Some of the most “eye-catching” numbers with regards to the capital spending outlays are the massive amounts of spending expected by Samsung and Intel over the 2010-2013 timeperiod. Over this four-year period, Samsung is forecast to spend $46.9 billion, with about 60 percent of this amount targeting memory production.
Intel is forecast to be second to Samsung in total outlays over this timeperiod with an expected $40.0 billion in capital expenditures. These huge levels of spending are enough for each company to construct and equip ten or eleven $4 billion leading-edge 300mm wafer fabs. Notably, the combined spending by Samsung and Intel represented 40 percent of the world’s semiconductor capital outlays in 2012, with this percentage expected to rise to 42 percent of total capital spending in 2013.

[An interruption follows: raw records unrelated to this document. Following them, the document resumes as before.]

(* Let $H$ be a digraph (possibly with loops) and let $D$ be an $H$-colored semicomplete digraph in which every directed $3$-cycle is an $H$-cycle. If $k \geq 2$, then $D$ has a $(k,H)$-kernel.
   Context: All digraphs are finite. A digraph is semicomplete if every two distinct vertices are joined by at least one arc. $D$ has no loops and comes with a map $\rho: A(D)\to V(H)$. For a walk $W=(x_0,\ldots,x_n)$ in $D$, there is an obstruction on $x_i$ if $(\rho(x_{i-1},x_i),\rho(x_i,x_{i+1})) \notin A(H)$; for an open walk this is considered at internal vertices $x_i$, $1\le i\le n-1$, for a closed walk at all $i\in\{0,\ldots,n-1\}$ with indices modulo $n$. $O_H(W)$ is the set of indices with an obstruction; the $H$-length is $l_H(W)=|O_H(W)|+1$ for open $W$ and $|O_H(W)|$ for closed $W$. An $H$-cycle is a directed cycle with no obstructions (the consecutive colours of its arcs, cyclically, form a closed walk in $H$). A $(k,H)$-kernel ($k\ge2$) is a set $S\subseteq V(D)$ such that for every two distinct $u,v\in S$ every directed $uv$-path in $D$ has $H$-length at least $k$, and for every $x\in V(D)\setminus S$ there is a directed path from $x$ to a vertex of $S$ of $H$-length at most $k-1$. *)

From mathcomp Require Import all_boot.
Set Implicit Arguments. Unset Strict Implicit. Unset Printing Implicit Defensive.

Section HColoured.
(* D : finite digraph on V with arc relation A; rho : colouring of arcs
   (a total function on pairs; only its values on arcs of D matter). *)
Variables (VH : finType) (HA : rel VH) (V : finType) (A : rel V)
          (rho : V -> V -> VH).

Definition loopless : Prop := forall x : V, ~~ A x x.

Definition semicomplete : Prop :=
  forall u v : V, u != v -> A u v || A v u.

Definition dipath (u v : V) (s : seq V) : Prop :=
  match s with
  | [::] => False
  | x :: p => [/\ x = u, last x p = v, path A x p & uniq (x :: p)]
  end.

Fixpoint nobs (s : seq V) : nat :=
  match s with
  | x :: ((y :: z :: _) as t) => (~~ HA (rho x y) (rho y z)) + nobs t
  | _ => 0
  end.

Definition Hlength (s : seq V) : nat := (nobs s).+1.

Definition dicycle3 (x y z : V) : Prop :=
  [/\ x != y, y != z, z != x & [/\ A x y, A y z & A z x]].

Definition Hcycle3 (x y z : V) : Prop :=
  [/\ HA (rho z x) (rho x y), HA (rho x y) (rho y z) & HA (rho y z) (rho z x)].

Definition kH_kernel (k : nat) (S : {set V}) : Prop :=
  (forall u v, u \in S -> v \in S -> u != v ->
     forall s, dipath u v s -> k <= Hlength s) /\
  (forall x, x \notin S ->
     exists v, v \in S /\ exists s, dipath x v s /\ Hlength s <= k - 1).

End HColoured.

From mathcomp Require Import all_boot.

(* Some vertex v is reached from every vertex by a path without obstructions,
   and then [set v] is a (k,H)-kernel for every k >= 2.  Such a v is found by
   adding the vertices one at a time: when the new vertex w has no arc to the
   current v, there is an arc v -> w and w takes over.  A path x -> ... -> v
   without obstructions is rerouted to w by leaving it at the first vertex y
   with an arc y -> w.  Unless y = x, the predecessor u of y has no arc to w,
   so u -> y -> w -> u is a directed 3-cycle; being an H-cycle, it leaves no
   obstruction at y. *)

Set Implicit Arguments.
Unset Strict Implicit.
Unset Printing Implicit Defensive.

Section Absorption.

Variables (VH : finType) (HA : rel VH) (V : finType) (A : rel V)
          (rho : V -> V -> VH).
Hypothesis semiA : semicomplete A.
Hypothesis dicycle3_Hcycle3 :
  forall x y z : V, dicycle3 A x y z -> Hcycle3 HA rho x y z.

Definition Hpath (x : V) (p : seq V) : bool :=
  [&& path A x p, uniq (x :: p) & nobs HA rho (x :: p) == 0].

Lemma Hpath0 (x : V) : Hpath x [::].
Proof. by rewrite /Hpath /= eqxx. Qed.

Lemma Hpath1 (x y : V) : Hpath x [:: y] = A x y && (x != y).
Proof. by rewrite /Hpath /= inE !andbT. Qed.

Lemma Hpath_cons2 (x y z : V) (s : seq V) :
  Hpath x [:: y, z & s] =
  [&& A x y, x \notin [:: y, z & s], HA (rho x y) (rho y z)
    & Hpath y (z :: s)].
Proof.
rewrite /Hpath.
have -> : nobs HA rho [:: x, y, z & s] =
  ~~ HA (rho x y) (rho y z) + nobs HA rho [:: y, z & s] by [].
rewrite [path _ x _]/= cons_uniq addn_eq0 eqb0 negbK.
rewrite [path A y _]/=.
by case: (A x y); case: (HA (rho x y) (rho y z));
  case: (x \in [:: y, z & s]); rewrite /= ?andbF.
Qed.

Definition absorbs (U : seq V) (v : V) : Prop :=
  forall x, x \in U ->
    exists p, [/\ Hpath x p, last x p = v & {subset p <= U}].

Lemma Hpath_reroute (w : V) (p : seq V) (x : V) :
  Hpath x p -> w \notin x :: p -> A (last x p) w ->
  exists s, [/\ Hpath x s, last x s = w, {subset s <= w :: p}
    & head w s \in [:: w; head w p]].
Proof.
have jump x' p' : A x' w -> x' != w ->
    exists s, [/\ Hpath x' s, last x' s = w, {subset s <= w :: p'}
      & head w s \in [:: w; head w p']].
  move=> Axw xw; exists [:: w]; split; rewrite ?Hpath1 ?Axw ?mem_head //.
  by move=> u /[1!inE] /eqP->; exact: mem_head.
elim: p x => [|y p IHp] x Hxp; rewrite in_cons negb_or eq_sym => /andP[xw wNp].
  by move=> Axw; apply: jump.
move=> /= Alast; have [/jump/(_ xw)//|nAxw] := boolP (A x w).
have Awx : A w x by move: (semiA xw); rewrite (negbTE nAxw).
have [Axy xNyp Hyp] : [/\ A x y, x \notin y :: p & Hpath y p].
  case: p {IHp wNp Alast} Hxp => [|z p].
    by rewrite Hpath1 mem_seq1 Hpath0 => /andP[].
  by rewrite Hpath_cons2 => /and4P[].
have yw : y != w by move: wNp; rewrite in_cons negb_or eq_sym => /andP[].
have /norP[xy xNp] : ~~ ((x == y) || (x \in p)) by rewrite -in_cons.
(* Either z = w, and x -> y -> w -> x is a directed 3-cycle, or z follows y on
   the original path. *)
have HAy z : z \in [:: w; head w p] -> A y z -> HA (rho x y) (rho y z).
  have HAyw : A y w -> HA (rho x y) (rho y w).
    move=> Ayw; have [] // := dicycle3_Hcycle3 (x := x) (y := y) (z := w).
    by split; rewrite // eq_sym.
  case: p {IHp Hyp wNp Alast xNyp xNp} Hxp => [|z' p] /=.
    by rewrite !inE orbb => _ /eqP->.
  by rewrite Hpath_cons2 !inE => /and4P[_ _ HAxyz' _] /orP[] /eqP->.
have [[|z s] [Hys lys s_sub hs]] := IHp y Hyp wNp Alast.
  by rewrite /= in lys; rewrite lys eqxx in yw.
exists [:: y, z & s]; split=> //; last by rewrite !inE eqxx orbT.
  have /andP[/andP[Ayz _] _] := Hys.
  rewrite Hpath_cons2 Axy Hys HAy // !andbT [_ \in _]in_cons negb_or xy /=.
  by apply/negP => /s_sub; rewrite in_cons (negbTE xw) (negbTE xNp).
move=> u /[1!in_cons] /predU1P[->|/s_sub]; first by rewrite !inE eqxx orbT.
by rewrite !inE => /orP[->|->]; rewrite ?orbT.
Qed.

Lemma absorbs_kH_kernel (k : nat) (v : V) :
  2 <= k -> absorbs (enum V) v -> kH_kernel HA A rho k [set v].
Proof.
move=> k_ge2 absorbs_v.
split=> [u u' /set1P-> /set1P->|x]; first by rewrite eqxx.
rewrite in_set1 => xv; exists v; split; first exact: set11.
have [p [/and3P[pathp uniqp /eqP nobs0] lxp _]] := absorbs_v x (mem_enum _ x).
exists (x :: p); split=> //.
by rewrite /Hlength nobs0 leq_subRL // ltnW.
Qed.

Lemma absorbing_vertex (U : seq V) :
  uniq U -> U != [::] -> exists2 v, v \in U & absorbs U v.
Proof.
elim: U => [|w U IHU] //; rewrite cons_uniq => /andP[wNU uniqU] _.
have [->|U0] := eqVneq U [::].
  exists w; first exact: mem_head.
  move=> x; rewrite mem_seq1 => /eqP->; exists [::].
  by split; [exact: Hpath0 | |].
have [v vU absorbs_v] := IHU uniqU U0.
have wv : w != v by apply: contraNneq wNU => ->.
have [Awv|nAwv] := boolP (A w v).
  exists v; first by rewrite in_cons vU orbT.
  move=> x /[1!in_cons] /predU1P[->|xU].
    exists [:: v]; split; rewrite ?Hpath1 ?Awv //.
    by move=> u; rewrite mem_seq1 => /eqP->; rewrite in_cons vU orbT.
  have [p [Hxp lxp pU]] := absorbs_v x xU.
  by exists p; split=> // u /pU uU; rewrite in_cons uU orbT.
have Avw : A v w by move: (semiA wv); rewrite (negbTE nAwv).
exists w; first exact: mem_head.
move=> x /[1!in_cons] /predU1P[->|xU].
  by exists [::]; split; [exact: Hpath0 | |].
have [p [Hxp lxp pU]] := absorbs_v x xU.
have wNxp : w \notin x :: p.
  rewrite in_cons negb_or; apply/andP; split.
    by apply: contraNneq wNU => ->.
  by apply: contra wNU => /pU.
have Alast : A (last x p) w by rewrite lxp.
have [s [Hxs lxs s_sub _]] := Hpath_reroute Hxp wNxp Alast.
exists s; split=> // u /s_sub /[1!in_cons] /predU1P[->|/pU uU].
  exact: mem_head.
by rewrite in_cons uU orbT.
Qed.

End Absorption.

Theorem theorem7 (VH : finType) (HA : rel VH) (V : finType) (A : rel V)
  (rho : V -> V -> VH)
  (hloop : loopless A) (hsemi : semicomplete A)
  (h3 : forall x y z : V, dicycle3 A x y z -> Hcycle3 HA rho x y z)
  (k : nat) (hk : 2 <= k) :
  exists S : {set V}, kH_kernel HA A rho k S.
Proof.
have [V0|enumV_neq0] := eqVneq (enum V) [::].
  exists set0; split=> [u|x _]; first by rewrite inE.
  by have := mem_enum V x; rewrite V0.
have [v _ absorbs_v] := absorbing_vertex hsemi h3 (enum_uniq V) enumV_neq0.
by exists [set v]; apply: absorbs_kH_kernel.
Qed.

Capital spending by nationality
Fig. 2 segments the forecasted 2013 capital spending by company headquarters location with results from eight years earlier in 2005 also shown. In 2013, only the North American suppliers, which are expected to represent 37 percent of worldwide spending (up eight points from eight years earlier), and the South Korean semiconductor companies, which are forecast to represent 26 percent of capital outlays (up 13 points in share from 2005), are expected to hold a larger share of spending in 2013 than they did in 2005.
Since adopting the fab-lite business model, the three major European IC producers are now forecast to represent only about 2 percent of the spending total in 2013 after representing 8 percent of worldwide semiconductor capital spending in 2005. In comparing the forecast for 2013 with the actual results in 2005, declines in capital spending marketshare are expected by the Japanese (15 points), European (six points), and “other” companies (one point).
The sharp loss of share by the Japanese and European companies is primarily due to the movement of many of these producers to the fab-lite manufacturing model. The Taiwanese companies’ flat share is due to a mixture of the second-tier Taiwanese DRAM producers Nanya, Powerchip, and ProMOS keeping their capital expenditures to the bare minimum this year while the Taiwanese foundries TSMC and UMC strive to be aggressive.
The “other” segment includes companies from India, Singapore, China, etc., as well as the major contract assembly and test houses (i.e., OSAT suppliers). Although there have been periodic spikes in the “other” spending over the years, IC Insights believes that in the long-term, the “other” category will represent a flat to slowly shrinking share of total semiconductor industry capital spending.